# **Exercise 2: Spark SQL**
#### This second exercise will introduce database operations with Spark. 


### During the exercises, the following resources might come in handy:
* #### Documentation of the [PySpark API](https://spark.apache.org/docs/latest/api/python/pyspark.html#pyspark.RDD)
* #### Documentation of the [Python API](https://docs.python.org/2.7/)
* #### Documentation of the [Spark SQL API](http://spark.apache.org/docs/latest/sql-programming-guide.html)
* #### Documentation of [Hive SQL](https://cwiki.apache.org/confluence/display/Hive/LanguageManual+UDF)

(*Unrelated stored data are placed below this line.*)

(* Let $X$ be a nonnegative random variable and $0<\theta\le1$. Then $X\in\mathcal{L}^{1/\theta}$ if and only if $\mathbb{P}(X>x-\xi x^{1-\theta})\sim\mathbb{P}(X>x)$ as $x\to\infty$ for all $\xi\in\mathbb{R}$.
   Context: Class $\mathcal{L}$: nonnegative $Z$ with $\mathbb{P}(Z>x)>0$ for all $x\ge0$ and $\mathbb{P}(Z>x+y)/\mathbb{P}(Z>x)\to1$ for some (equivalently all) $y>0$. $X\in\mathcal{L}^p$ ($p\ge1$) means $X\ge0$ and $X^{1/p}\in\mathcal{L}$. $f\sim g$ means $f(x)/g(x)\to1$. *)

From HB Require Import structures.
From mathcomp Require Import all_boot all_order all_algebra.
From mathcomp Require Import all_classical all_reals all_analysis.
Set Implicit Arguments. Unset Strict Implicit. Unset Printing Implicit Defensive.
Import Order.TTheory GRing.Theory Num.Theory.
Import numFieldNormedType.Exports.
Local Open Scope classical_set_scope.
Local Open Scope ring_scope.

Definition tailP d (T : measurableType d) (R : realType)
  (P : probability T R) (Z : T -> R) (x : R) : R :=
  fine (P [set t | x < Z t]).

Definition asymp_equiv (R : realType) (f g : R -> R) : Prop :=
  (fun x => f x / g x) @ +oo --> (1 : R).

Definition classL d (T : measurableType d) (R : realType)
  (P : probability T R) (Z : T -> R) : Prop :=
  [/\ (forall t, 0 <= Z t),
      (forall x, 0 <= x -> 0 < tailP P Z x) &
      exists2 y : R, 0 < y &
        asymp_equiv (fun x => tailP P Z (x + y)) (tailP P Z)].

Definition classLp d (T : measurableType d) (R : realType)
  (p : R) (P : probability T R) (X : T -> R) : Prop :=
  (forall t, 0 <= X t) /\ classL P (fun t => X t `^ (1 / p)).

From HB Require Import structures.
From mathcomp Require Import all_boot all_order all_algebra.
From mathcomp Require Import all_classical all_reals all_analysis.
From mathcomp Require Import ring lra.
Import Order.TTheory GRing.Theory Num.Theory.
Import numFieldNormedType.Exports.
Local Open Scope classical_set_scope.
Local Open Scope ring_scope.

(* Put p = 1/theta >= 1, F(x) = P(X > x) and G(u) = F(u^p), the tail of X^theta.
   Substituting x = u^p turns x - xi x^(1-theta) into u^p - xi u^(p-1), and for
   large u the convexity bounds (u - xi)^p <= u^p - xi u^(p-1) (xi >= 0),
   u^p - xi u^(p-1) <= (u - xi)^p (xi <= 0) and (u + 1)^p <= u^p + K u^(p-1)
   sandwich F(x - xi x^(1-theta)) / F(x) between 1 and G(u - xi) / G(u), resp.
   G(u + 1) / G(u) between F(x + K x^(1-theta)) / F(x) and 1.  Hence the
   condition for all xi is equivalent to G(u + c) / G(u) -> 1 for all c, which
   for a nonincreasing positive G is the long-tailedness of X^theta; positivity
   of F follows from the case xi = 0, since 0/0 = 0 in the ratio. *)

Lemma exprD1_le_lin {R : realDomainType} (t : R) (n : nat) : 0 <= t <= 1 ->
  (1 + t) ^+ n <= 1 + (2 ^+ n - 1) * t.
Proof.
case/andP=> t_ge0 t_le1; elim: n => [|n IH].
  by rewrite !expr0 subrr mul0r addr0.
rewrite exprSr; apply: le_trans (ler_wpM2r (addr_ge0 ler01 t_ge0) IH) _.
have : 1 <= (2 : R) ^+ n by rewrite exprn_ege1 // ler1n.
rewrite exprS; set a := (2 : R) ^+ n => a_ge1.
have a1_ge0 : 0 <= a - 1 by rewrite subr_ge0.
have t1_ge0 : 0 <= 1 - t by rewrite subr_ge0.
have := mulr_ge0 (mulr_ge0 a1_ge0 t_ge0) t1_ge0; nra.
Qed.

Section powR_shift_bounds.
Context {R : realType} {p : R}.
Hypothesis p_ge1 : 1 <= p.

Let p_gt0 : 0 < p. Proof. exact: lt_le_trans ltr01 p_ge1. Qed.

Lemma powR_addr_factor (u c : R) : 0 < u -> 0 <= 1 + c / u ->
  (u + c) `^ p = u `^ p * (1 + c / u) `^ p.
Proof.
move=> u_gt0 t_ge0; rewrite -powRM ?(ltW u_gt0) //.
by congr (_ `^ _); field; rewrite gt_eqF.
Qed.

Lemma powR_mul1D (u c : R) : 0 < u ->
  u `^ p * (1 + c / u) = u `^ p + c * u `^ (p - 1).
Proof.
move=> u_gt0; rewrite -(mulr_powRB1 (ltW u_gt0) p_gt0).
by field; rewrite gt_eqF.
Qed.

Lemma powR_addr_ge (u c : R) : 0 < u -> 0 <= c ->
  u `^ p + c * u `^ (p - 1) <= (u + c) `^ p.
Proof.
move=> u_gt0 c_ge0; have t_ge0 : 0 <= c / u by rewrite divr_ge0 // ltW.
rewrite powR_addr_factor ?addr_ge0 // -powR_mul1D //.
by rewrite ler_wpM2l ?powR_ge0 // le1r_powR // lerDl.
Qed.

Lemma powR_addr_le (u c : R) : 0 < u -> - u <= c -> c <= 0 ->
  (u + c) `^ p <= u `^ p + c * u `^ (p - 1).
Proof.
move=> u_gt0 uc c_le0.
have t_ge0 : 0 <= 1 + c / u.
  by rewrite -lerBlDl sub0r ler_pdivlMr // mulN1r.
rewrite powR_addr_factor // -powR_mul1D // ler_wpM2l ?powR_ge0 //.
move: t_ge0; rewrite le_eqVlt => /orP[/eqP <-|t_gt0].
  by rewrite powR0 // gt_eqF.
by rewrite ge1r_powR // t_gt0 /= gerDl mulr_le0_ge0 // invr_ge0 ltW.
Qed.

(* [K = 2^n] for an integer [n >= p]: [(1 + 1/u)^p <= (1 + 1/u)^n <= 1 + 2^n / u]. *)
Lemma powR_addr1_le : exists2 K : R, 0 <= K &
  forall u, 1 <= u -> (u + 1) `^ p <= u `^ p + K * u `^ (p - 1).
Proof.
have := archi_boundP (ltW p_gt0); set n := Num.bound p => p_lt_n.
exists (2 ^+ n); first by rewrite exprn_ge0.
move=> u u_ge1; have u_gt0 : 0 < u by exact: lt_le_trans ltr01 u_ge1.
have t_ge0 : 0 <= 1 / u by rewrite divr_ge0 // ltW.
have t_le1 : 1 / u <= 1 by rewrite ler_pdivrMr // mul1r.
rewrite powR_addr_factor ?addr_ge0 // -powR_mul1D //.
rewrite ler_wpM2l ?powR_ge0 //.
have t1_ge1 : 1 <= 1 + 1 / u by rewrite lerDl.
apply: le_trans (ler_powR t1_ge1 (ltW p_lt_n)) _.
rewrite powR_mulrn ?addr_ge0 //.
have t01 : 0 <= 1 / u <= 1 by rewrite t_ge0.
apply: le_trans (exprD1_le_lin _ n t01) _.
by rewrite lerD2l mulrA mulr1 ler_wpM2r ?invr_ge0 ?ltW // gtrBl.
Qed.

End powR_shift_bounds.

Section powR_pinfty.
Context {R : realType} {q : R}.
Hypothesis q_gt0 : 0 < q.

Lemma powRK_inv {x : R} : 0 <= x -> (x `^ q^-1) `^ q = x.
Proof. by move=> x_ge0; rewrite -powRrM mulVf ?gt_eqF // powRr1. Qed.

Lemma powR_cvgy : u `^ q @[u --> +oo] --> +oo.
Proof.
apply/cvgryPge => A; near=> u.
have B_ge0 : 0 <= Num.max A 0 by rewrite le_max lexx orbT.
have A_le : A <= Num.max A 0 by rewrite le_max lexx.
apply: le_trans A_le _; rewrite -(powRK_inv B_ge0).
have uB : Num.max A 0 `^ q^-1 <= u.
  by near: u; apply: nbhs_pinfty_ge; rewrite num_real.
by rewrite ge0_ler_powR ?ltW ?nnegrE ?powR_ge0 //; exact: le_trans uB.
Unshelve. all: end_near. Qed.

End powR_pinfty.

Lemma cvg_pinfty_powR {R : realType} {q : R} : 0 < q -> forall (h : R -> R) (l : R),
  h (u `^ q) @[u --> +oo] --> l <-> h x @[x --> +oo] --> l.
Proof.
move=> q_gt0 h l; split=> hl; last by apply: cvg_comp hl; exact: powR_cvgy.
have qV_gt0 : 0 < q^-1 by rewrite invr_gt0.
have := cvg_comp _ _ (powR_cvgy qV_gt0) hl.
apply: cvg_trans; apply: near_eq_cvg; near=> x => /=.
rewrite powRK_inv //; near: x; apply: nbhs_pinfty_ge; rewrite num_real.
Unshelve. all: end_near. Qed.

Section long_tailed_shift.
Context {R : realType}.
Variable G : R -> R.
Hypothesis G_gt0 : forall u, 0 <= u -> 0 < G u.
Hypothesis G_le : forall a b, 0 <= a -> a <= b -> G b <= G a.
Local Notation ratio c := (fun u => G (u + c) / G u).

Lemma shift_ratio_comp (c y : R) : ratio y @ +oo --> (1 : R) ->
  (fun u => G (u + c + y) / G (u + c)) @ +oo --> (1 : R).
Proof. by move=> hy; apply: cvg_comp hy; exact: cvg_addrr. Qed.

Lemma shift_ratio_natmul_cvg (y : R) : ratio y @ +oo --> (1 : R) ->
  forall n : nat, ratio (n%:R * y) @ +oo --> (1 : R).
Proof.
move=> hy; elim=> [|n IH].
  have : @cst R R 1 @ +oo --> (1 : R) by exact: cvg_cst.
  apply: cvg_trans.
  apply: near_eq_cvg; near=> u.
  by rewrite mul0r addr0 divff // gt_eqF // G_gt0.
have prod_cvg := cvgM (shift_ratio_comp (n%:R * y) _ hy) IH; rewrite mulr1 in prod_cvg.
apply: cvg_trans (prod_cvg _); apply: near_eq_cvg; near=> u => /=.
rewrite mulrA divfK; first by rewrite -addrA -natr1 mulrDl mul1r.
rewrite gt_eqF // G_gt0 // -lerBlDr sub0r.
by near: u; apply: nbhs_pinfty_ge; rewrite num_real.
Unshelve. all: end_near. Qed.

Lemma shift_ratio_le1 (u c : R) : 0 <= u -> 0 <= c -> G (u + c) / G u <= 1.
Proof.
by move=> u_ge0 c_ge0; rewrite ler_pdivrMr ?G_gt0 // mul1r G_le // lerDl.
Qed.

(* Shifts by [c >= 0] are squeezed between shifts by [0] and by some [n * y >= c];
   negative shifts are inverses of positive ones. *)
Lemma shift_ratio_cvg (y : R) : 0 < y -> ratio y @ +oo --> (1 : R) ->
  forall c, ratio c @ +oo --> (1 : R).
Proof.
move=> y_gt0 hy.
have ratio_ge0_cvg c : 0 <= c -> ratio c @ +oo --> (1 : R).
  move=> c_ge0; have := archi_boundP (divr_ge0 c_ge0 (ltW y_gt0)).
  set n := Num.bound _ => cn; have c_le : c <= n%:R * y by rewrite -ler_pdivrMr // ltW.
  apply: (@squeeze_cvgr _ _ _ _ (ratio (n%:R * y)) (cst 1)); last 2 first.
  - exact: shift_ratio_natmul_cvg.
  - exact: cvg_cst.
  near=> u.
  have u_ge0 : 0 <= u by near: u; apply: nbhs_pinfty_ge; rewrite num_real.
  rewrite shift_ratio_le1 // andbT ler_pM2r ?invr_gt0 ?G_gt0 //.
  by rewrite G_le ?lerD2l // addr_ge0.
move=> c; have [c_ge0|c_lt0] := leP 0 c; first exact: ratio_ge0_cvg.
have nc_ge0 : 0 <= - c by rewrite oppr_ge0 ltW.
have inv_cvg := cvgV (oner_neq0 _) (shift_ratio_comp c _ (ratio_ge0_cvg _ nc_ge0)).
rewrite invr1 in inv_cvg.
apply: cvg_trans (inv_cvg _); apply: near_eq_cvg; near=> u => /=.
by rewrite addrK invf_div.
Unshelve. all: end_near. Qed.

End long_tailed_shift.

Lemma divff_cvg1_gt0 (R : realType) (F : R -> R) :
  (forall x, 0 <= F x) -> (forall a b, a <= b -> F b <= F a) ->
  (fun x => F x / F x) @ +oo --> (1 : R) -> forall x, 0 < F x.
Proof.
move=> F_ge0 F_le hF x0.
have : \forall x \near +oo, x0 <= x /\ F x / F x != 0.
  near=> x; split; last by near: x; exact: cvgr_neq0 hF (oner_neq0 _).
  by near: x; apply: nbhs_pinfty_ge; rewrite num_real.
case/filter_ex => x [x0x Fx_neq0].
apply: lt_le_trans (F_le _ _ x0x); rewrite lt_neqAle F_ge0 andbT eq_sym.
by apply: contraNneq Fx_neq0 => ->; rewrite mul0r.
Unshelve. all: end_near. Qed.

Section powR_shift_transfer.
Context {R : realType} {p : R}.
Variable F : R -> R.
Hypothesis p_ge1 : 1 <= p.
Hypothesis F_le : forall a b, a <= b -> F b <= F a.
Local Notation G := (fun u => F (u `^ p)).

Let p_gt0 : 0 < p. Proof. exact: lt_le_trans ltr01 p_ge1. Qed.

Lemma comp_powR_le (a b : R) : 0 <= a -> a <= b -> G b <= G a.
Proof.
move=> a_ge0 ab; have b_ge0 : 0 <= b by exact: le_trans ab.
by apply: F_le; apply: ge0_ler_powR; rewrite ?nnegrE // ltW.
Qed.

Lemma powR_shift_ratio_cvg : (forall u, 0 <= u -> 0 < G u) ->
  (forall c, (fun u => G (u + c) / G u) @ +oo --> (1 : R)) ->
  forall c, (fun u => F (u `^ p + c * u `^ (p - 1)) / G u) @ +oo --> (1 : R).
Proof.
move=> G_gt0 hG c.
have [c_le0|c_gt0] := leP c 0.
- apply: (@squeeze_cvgr _ _ _ _ (cst 1) (fun u => G (u + c) / G u)); last 2 first.
  + exact: cvg_cst.
  + exact: hG.
  near=> u; have u_gt0 : 0 < u by near: u; apply: nbhs_pinfty_gt; rewrite num_real.
  have u_ge0 := ltW u_gt0.
  have cu : - c <= u by near: u; apply: nbhs_pinfty_ge; rewrite num_real.
  apply/andP; split.
    rewrite /= ler_pdivlMr ?G_gt0 // mul1r.
    by apply: F_le; rewrite gerDl mulr_le0_ge0 ?powR_ge0.
  rewrite ler_pM2r ?invr_gt0 ?G_gt0 //.
  by apply: F_le; apply: powR_addr_le; rewrite // lerNl.
- apply: (@squeeze_cvgr _ _ _ _ (fun u => G (u + c) / G u) (cst 1)); last 2 first.
  + exact: hG.
  + exact: cvg_cst.
  near=> u; have u_gt0 : 0 < u by near: u; apply: nbhs_pinfty_gt; rewrite num_real.
  have u_ge0 := ltW u_gt0.
  apply/andP; split.
    rewrite ler_pM2r ?invr_gt0 ?G_gt0 //.
    by apply: F_le; apply: powR_addr_ge; rewrite // ltW.
  rewrite /= ler_pdivrMr ?G_gt0 // mul1r.
  by apply: F_le; rewrite lerDl mulr_ge0 ?powR_ge0 // ltW.
Unshelve. all: end_near. Qed.

Lemma powR_shift1_ratio_cvg : (forall x, 0 < F x) ->
  (forall c, (fun u => F (u `^ p + c * u `^ (p - 1)) / G u) @ +oo --> (1 : R)) ->
  (fun u => G (u + 1) / G u) @ +oo --> (1 : R).
Proof.
move=> F_gt0 hF; have [K K_ge0 hK] := powR_addr1_le p_ge1.
apply: (@squeeze_cvgr _ _ _ _ (fun u => F (u `^ p + K * u `^ (p - 1)) / G u) (cst 1)).
- near=> u; have u_ge1 : 1 <= u by near: u; apply: nbhs_pinfty_ge; rewrite num_real.
  have u_ge0 : 0 <= u by exact: le_trans ler01 u_ge1.
  apply/andP; split.
    by rewrite ler_pM2r ?invr_gt0 //; apply: F_le; exact: hK.
  by rewrite /= ler_pdivrMr // mul1r comp_powR_le ?lerDl.
- exact: hF.
- exact: cvg_cst.
Unshelve. all: end_near. Qed.

End powR_shift_transfer.

Section tail_probability.
Variables (d : measure_display) (T : measurableType d) (R : realType).
Variables (P : probability T R) (X : {RV P >-> R}).

Lemma measurable_tail (x : R) : measurable [set t | x < X t].
Proof.
rewrite -[X in measurable X]setTI.
have -> : [set t | x < X t] = X @^-1` `]x, +oo[.
  by apply/seteqP; split => t /=; rewrite in_itv /= andbT.
exact: (measurable_funP X) measurableT _ (measurable_itv _).
Qed.

Lemma tailP_ge0 (x : R) : 0 <= tailP P X x.
Proof. by rewrite fine_ge0. Qed.

Lemma tailP_le (a b : R) : a <= b -> tailP P X b <= tailP P X a.
Proof.
move=> ab; rewrite fine_le ?fin_num_measure //; try exact: measurable_tail.
apply: le_measure; rewrite ?inE; try exact: measurable_tail.
by move=> t /=; exact: le_lt_trans.
Qed.

End tail_probability.

Lemma tailP_powR d (T : measurableType d) (R : realType) (P : probability T R)
    (X : T -> R) (q u : R) : 0 < q -> (forall t, 0 <= X t) -> 0 <= u ->
  tailP P (fun t => X t `^ q) u = tailP P X (u `^ q^-1).
Proof.
move=> q_gt0 X_ge0 u_ge0; rewrite /tailP; congr (fine (P _)).
have qV_gt0 : 0 < q^-1 by rewrite invr_gt0.
apply/seteqP; split => t /= ltu.
- rewrite -[X t](powRK_inv qV_gt0) ?invrK //.
  by apply: gt0_ltr_powR; rewrite ?nnegrE ?powR_ge0.
- rewrite -(powRK_inv q_gt0 u_ge0).
  by apply: gt0_ltr_powR; rewrite ?nnegrE ?powR_ge0.
Qed.

Lemma asymp_equiv_powR_shift (R : realType) (F : R -> R) (theta xi : R) :
  0 < theta ->
  asymp_equiv (fun x => F (x - xi * x `^ (1 - theta))) F <->
  (fun u => F (u `^ theta^-1 + - xi * u `^ (theta^-1 - 1)) / F (u `^ theta^-1))
    @ +oo --> (1 : R).
Proof.
move=> th_gt0; have p_gt0 : 0 < theta^-1 by rewrite invr_gt0.
have powE u : (u `^ theta^-1) `^ (1 - theta) = u `^ (theta^-1 - 1).
  by rewrite -powRrM mulrBr mulr1 mulVf ?gt_eqF.
rewrite /asymp_equiv -(cvg_pinfty_powR p_gt0).
by under eq_fun do rewrite powE -mulNr.
Qed.

Lemma asymp_equiv_tailP_powR_shift d (T : measurableType d) (R : realType)
    (P : probability T R) (X : T -> R) (q y : R) :
  0 < q -> (forall t, 0 <= X t) -> 0 <= y ->
  asymp_equiv (fun x => tailP P (fun t => X t `^ q) (x + y))
              (tailP P (fun t => X t `^ q)) <->
  (fun u => tailP P X ((u + y) `^ q^-1) / tailP P X (u `^ q^-1)) @ +oo --> (1 : R).
Proof.
move=> q_gt0 X_ge0 y_ge0; rewrite /asymp_equiv.
by split; apply: cvg_trans; apply: near_eq_cvg; near=> u;
  rewrite !tailP_powR ?addr_ge0 //; near: u; apply: nbhs_pinfty_ge; rewrite num_real.
Unshelve. all: end_near. Qed.

Theorem lemmaA2 (d : measure_display) (T : measurableType d) (R : realType)
  (P : probability T R) (X : {RV P >-> R}) (theta : R) :
  (forall t, 0 <= X t) -> 0 < theta -> theta <= 1 ->
  (classLp (1 / theta) P X <->
   forall xi : R,
     asymp_equiv (fun x => tailP P X (x - xi * x `^ (1 - theta))) (tailP P X)).
Proof.
move=> X_ge0 th_gt0 th_le1.
have p_ge1 : 1 <= theta^-1 by rewrite invf_ge1.
have F_le := @tailP_le _ _ _ P X.
have long_tailE y := asymp_equiv_tailP_powR_shift _ _ _ P X theta y th_gt0 X_ge0.
rewrite /classLp /classL (_ : 1 / (1 / theta) = theta); last by rewrite !div1r invrK.
split.
- case=> _ [_ Y_gt0 [y y_gt0 /(long_tailE _ (ltW y_gt0)) Yy]] xi.
  have G_gt0 u : 0 <= u -> 0 < tailP P X (u `^ theta^-1).
    by move=> u_ge0; rewrite -tailP_powR // Y_gt0.
  have G_le := comp_powR_le _ p_ge1 F_le.
  rewrite asymp_equiv_powR_shift //; apply: powR_shift_ratio_cvg => //.
  exact: (shift_ratio_cvg _ G_gt0 G_le _ y_gt0 Yy).
- move=> equiv; have F_gt0 : forall x, 0 < tailP P X x.
    apply: divff_cvg1_gt0 (@tailP_ge0 _ _ _ P X) F_le _.
    by have := equiv 0; rewrite /asymp_equiv; under eq_fun do rewrite mul0r subr0.
  split=> //; split; first by move=> t; exact: powR_ge0.
    by move=> x x_ge0; rewrite tailP_powR.
  exists 1 => //; apply/long_tailE => //.
  apply: powR_shift1_ratio_cvg p_ge1 F_le F_gt0 _ => c.
  by rewrite -[c]opprK -asymp_equiv_powR_shift.
Qed.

### To run code in Jupyter, press: 
* #### `Ctrl-Enter` to run the code in the currently selected cell
* #### `Shift-Enter` to run the code in the currently selected cell and jump to the next cell

### **Helper: Displays rows from a Spark SQL object as HTML**
#### The following code can display arrays of rows or dataframes as a html table. This creates a human-friendly output of our data. It is enough to browse through this code, as it is not important to know it in detail for this exercise.

In [None]:
from IPython.display import display, HTML
import warnings

def displayRows(rowDf):
    headers = []
    rows = []
    if(str(type(rowDf)) == "<class 'pyspark.sql.dataframe.DataFrame'>"):
        rows = rowDf.limit(10000).collect() #Let's limit the output just in case!
        if(len(rows) == 10000):
            if(rowDf.limit(10001).count() == 10001):
                warnings.warn("More than 10 000 rows was returned, only showing the first 10 000.")
                
        headers = list(rowDf.columns)
    else:
        rows = rowDf
        if(len(rows) > 10000):
            warnings.warn("Rows has {0} elements, only showing the first 10 000.".format(len(rows)))
            rows = rows[0:10000]
            
        #Computes the unique set of keys
        headers = list(sorted(reduce(lambda x,y: x.union(set(y.asDict().iterkeys())), rows, set())))
            
    tableHead = ["<th>{0}</th>".format(key) for key in headers]
    tableBody = ["<tr>{0}</tr>".format(
                    "".join(["<td>{0}</td>".format(rowDict.get(header)) 
                            for rowDict 
                            in (row.asDict(),) 
                            for header 
                            in headers])
                    ) for row in rows]
    
    display(HTML(
    u"""<table>
    <thead><tr>{0}</tr></thead>
    <tbody>{1}</tbody>
    </table>
    """.format("".join(tableHead), "".join(tableBody))))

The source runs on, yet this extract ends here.